I.1 Physical Picture
Consider a heterogeneous porous material saturated with liquid and subjected to continuously decreasing temperatures. As in most organisms and construction materials, suppose that the pore surfaces and suspended materials are hydrophilic and charged Jan and Chien (1973); Visser (1973); Giese (1973); McLaughlin (1977); Swartzen-Allen and Matijevic (1974); Allen et al. (2007); Pellenq et al. (2009), e.g. by the dissociation of surface functional groups or the adsorption of charged species. The large capillary pores (5 nm) are typically also filled with water, but can be replaced with other fluids such as benzene. However, the small “gel” pores (1-5 nm) are always filled with liquid water due to the strong surface charge and hydrophilicity even in benzene-loaded cement samples. Importantly, the liquid must contain dissolved salts, possibly at low concentration, as well as excess counter-ions to screen the pore surface charges and preserve overall electroneutrality. Ions in solution mediate surface forces Israelachvili (2011), which play a crucial role in the mechanical properties of concrete Pellenq et al. (1997); Delville et al. (1998); Jellander et al. (1988); Stankovich and Carnie (1996); Valleau and Cohen (1980); Pellenq and Van Damme (2004) and the function of biological systems. In most cases, the ions are assumed to have negligible solubility in the frozen solid, as is the case with pure ice.
Freezing begins in the larger “macropores” ( nm), where bulk water easily transforms to ice, slightly below the thermodynamic melting point of the solution, which may be depressed from that of the pure solvent by the dissolved salt and any anti-freeze solutes. This bulk ice can form by homogeneous nucleation, spinodal decomposition, or (most likely) by heterogeneous nucleation on impurities. Regardless of its origin, the advancing ice rejects ions, causing the salt concentration to rise in the nearby, increasingly confined liquid electrolyte.
What happens next depends on the degree of supercooling, the surface charge and importantly the pore connectivity. As shown in Figure 1(a), even after partial freezing, an individual pore may remain open, allowing ions and water molecules to exchange freely with a reservoir of bulk solution via a percolating liquid path to neighboring unfrozen pores or an external bath (Torquato, 2013; Van Brakel, 1975; Quiblier, 1984; Pinson et al., 2018; Gu and Bazant, 2018). In this scenario, the liquid electrolyte and any solid ice within the pore remain in quasi-equilibrium with the bulk reservoir at constant chemical potential. The connected path to the reservoir may pass through liquid-saturated pores, or partially frozen pores with sufficiently thick liquid films to allow unhindered transport.

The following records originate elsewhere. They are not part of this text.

(* Let $w=(w_\sigma)_{\sigma\in\mathscr{I}}$ index an Ekedahl–Oort stratum $M_w$, let $x\in M_w(k)$ be a geometric point, and let $\{\tau,\bar\tau\}\in\mathscr{I}^+$ with $\tau=i\in\mathscr{I}_\mathfrak{P}$, writing $\mathfrak{f}(i)=r_\tau$ and $\mathfrak{f}(i-1)=r_{\phi^{-1}\circ\tau}$. Then $r_V\{\tau,\bar\tau\}(x)=r_V^{\rm ord}\{\tau,\bar\tau\}$ if and only if: (a) in case $\mathfrak{f}(i-1)\le\mathfrak{f}(i)$: $\#\{j:\ j\le d-\mathfrak{f}(i-1),\ w_i(j)\le\mathfrak{f}(i)\}=\mathfrak{f}(i)-\mathfrak{f}(i-1)$; (b) in case $\mathfrak{f}(i)\le\mathfrak{f}(i-1)$: $\#\{j:\ d-\mathfrak{f}(i-1)+1\le j,\ \mathfrak{f}(i)+1\le w_i(j)\}=\mathfrak{f}(i-1)-\mathfrak{f}(i)$. (When $\mathfrak{f}(i-1)=\mathfrak{f}(i)$ both conditions are equivalent.)
   Context: Notation for unitary Shimura varieties: $K$ CM of degree $2g$, $\mathscr{I}=\mathrm{Hom}(\mathcal{O}_K,\kappa)$ (via a fixed embedding), $\bar\tau=\tau\circ\rho$, $\mathscr{I}^+$ the pairs $\{\tau,\bar\tau\}$, signature $(r_\tau)$ with $r_\tau+r_{\bar\tau}=d$. For a prime $\mathfrak{P}\mid p$ of $K$, $\mathscr{I}_\mathfrak{P}$ are the embeddings factoring through $\mathcal{O}_K/\mathfrak{P}$; Frobenius permutes $\mathscr{I}_\mathfrak{P}$ cyclically, and when $\tau$ is written $i$, $\phi\circ\tau$ is written $i+1$ and $\phi^{-1}\circ\tau$ is written $i-1$; $\mathfrak{f}(i)=r_i$. $M$ is the special fiber over $\kappa$ of the PEL unitary moduli space; $\mathcal{P}_\tau=\underline\omega[\tau]$, $V:\mathcal{P}_\tau\to\Phi^*_M\mathcal{P}_{\phi^{-1}\circ\tau}$ induced by Verschiebung; $r_V\{\tau,\bar\tau\}(x)=\dim\ker(V\otimes V)$ on $(\mathcal{P}_\tau\otimes\mathcal{P}_{\bar\tau})_x$, and $r_V^{\rm ord}\{\tau,\bar\tau\}=\max\{0,r_\tau-r_{\phi^{-1}\circ\tau}\}(d-r_\tau)+r_\tau\max\{0,r_{\phi^{-1}\circ\tau}-r_\tau\}$. An $(e,d-e)$-shuffle is a permutation $\pi$ of $\{1,\dots,d\}$ with $\pi^{-1}(1)<\dots<\pi^{-1}(e)$ and $\pi^{-1}(e+1)<\dots<\pi^{-1}(d)$; $\Pi_{e,d-e}$ is the set of these; $w_0(\nu)=d+1-\nu$ and $\check\pi=w_0\pi w_0$. By Moonen, EO strata $M_w$ of $M$ correspond bijectively to tuples $w=(w_\sigma)_{\sigma\in\mathscr{I}}$ with $w_\sigma\in\Pi_{r_\sigma,d-r_\sigma}$ and $w_{\bar\sigma}=\check w_\sigma$, such that for geometric $x\in M_w(k)$ the Dieudonné module of $A_x[p]$ is isomorphic (with $\mathcal{O}_K$-action) to $N_w=\bigoplus_{i\in\mathscr{I}}\bigoplus_{j=1}^dke_{i,j}$ ($\mathcal{O}_K$ acting on the $i$-summand via $i$) with $F(e_{i,j})=0$ if $w_i(j)\le\mathfrak{f}(i)$, $F(e_{i,j})=e_{i+1,m}$ if $w_i(j)=\mathfrak{f}(i)+m$; $V(e_{i+1,j})=0$ if $j\le d-\mathfrak{f}(i)$, $V(e_{i+1,j})=e_{i,n}$ if $j=d-\mathfrak{f}(i)+w_i(n)$ ($F$ $\phi$-semilinear, $V$ $\phi^{-1}$-semilinear); and $\dim M_w=\sum_{\{\sigma,\bar\sigma\}\in\mathscr{I}^+}\ell(w_\sigma)$, $\ell$ the length in $\mathfrak{S}_d$. The fiber $\mathcal{P}_{\tau,x}$ is identified with the $\tau$-part of $N_w[F]$. *)

From HB Require Import structures.
From mathcomp Require Import all_boot all_order all_algebra all_fingroup.
From mathcomp Require Export mxtens.
Set Implicit Arguments. Unset Strict Implicit. Unset Printing Implicit Defensive.
Import GRing.Theory.
Local Open Scope ring_scope.

(* Embeddings I = Hom(O_K, kappa) form a finite type; phi is the Frobenius
   (a permutation of I whose orbits are the I_P), rho the complex conjugation
   (fixed-point-free involution commuting with phi).  Indices j in 'I_d are
   0-indexed: j : 'I_d stands for j+1 in {1..d}; similarly for values of w. *)

(* (e, d-e)-shuffle: pi^{-1}(1) < ... < pi^{-1}(e) and
   pi^{-1}(e+1) < ... < pi^{-1}(d). *)
Definition is_shuffle (d e : nat) (pi : 'S_d) : Prop :=
  forall a b : 'I_d, (a < b)%N ->
    ((b < e)%N || (e <= a)%N) -> ((pi^-1)%g a < (pi^-1)%g b)%N.

(* The standard Dieudonne module N_w = (+)_{i, j} k e_{i,j}.  Matrices act on
   row vectors of coordinates in the basis (e_{s,j})_j of the s-summand.       *)

(* F restricted to the s-summand, valued in the (phi s)-summand:
   F(e_{s,j}) = e_{phi s, m} if w_s(j) = r_s + m, and 0 if w_s(j) <= r_s. *)
Definition Fmat (K : fieldType) (I : finType) (d : nat) (r : I -> nat)
    (w : I -> 'S_d) (s : I) : 'M[K]_d :=
  \matrix_(j, m) (((w s j : nat) == r s + m)%N)%:R.

(* V restricted to the t-summand, valued in the (phi^-1 t)-summand; with
   s = phi^-1 t (so t = s+1):  V(e_{s+1,j}) = 0 if j <= d - r_s, and
   V(e_{s+1,j}) = e_{s,n} if j = d - r_s + w_s(n). *)
Definition Vmat (K : fieldType) (I : finType) (phi : {perm I}) (d : nat)
    (r : I -> nat) (w : I -> 'S_d) (t : I) : 'M[K]_d :=
  let s := (phi^-1)%g t in
  \matrix_(j, n) (((j : nat) == d - r s + w s n)%N)%:R.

As freezing proceeds, many ions and water molecules will inevitably be trapped out of global equilibrium, although still in local quasi-equilibrium within each nanoscale pore. The simplest case is that of a pore connected to external reservoir only via a bottleneck, sketched in Fig. 1(b). Water molecules that are not closely associated with ions can still go through the bottleneck, with a possibly different viscosity. The bottleneck may block solvated ions (with their solvation shells) from passing by steric hindrance or charge exclusion. Even if some solvated ions can diffuse through a given bottleneck, their electrokinetic transport rate may be too slow to allow many to escape prior to more complete freezing (Biesheuvel and Bazant, 2016; Peters et al., 2016; Catalano et al., 2016). Such slow ion transport may be enhanced by long, tortuous pathways through a series of bottlenecks (Yossifon et al., 2006; Pennathur and Santiago, 2005; Chang et al., 2012; Yossifon et al., 2009a) and compounded by a large volume of micropores, effectively cut off from the macropores with insufficient time for salt release, in materials of low pore-space accessivity (Gu and Bazant, 2018). Even in relatively well connected porous structures, nanofluidic salt trapping can also result from bottlenecks created by the advancing ice, as shown in Figure 1(c), where the larger open pore on the right side freezes almost completely first. Due to the surface hydrophilicity, a supercooled liquid film often remains between the pore surface and the ice core prior to complete freezing (Gelb et al., 1999; Denoyel and Pellenq, 2002; Bonnaud et al., 2010), which is now the only pathway for water and ions in the smaller pore shown on the left side. As temperature decreases further, ice formation starts in the left pore, but transport of solvated ions through the thin liquid film is now slow, and the entropy of these confined ions builds up a pressure. In biological cells, as shown in Figure 1(d), electrolytes are contained within the cell walls, and nanofluidic salt trapping is facilitated by the charged cytoskeleton and abundant charged macromolecules (including cryo-resistant proteins). Internal salt concentrations are also actively maintained by ion channels and pumps in the cell membrane (Bertil, 1992).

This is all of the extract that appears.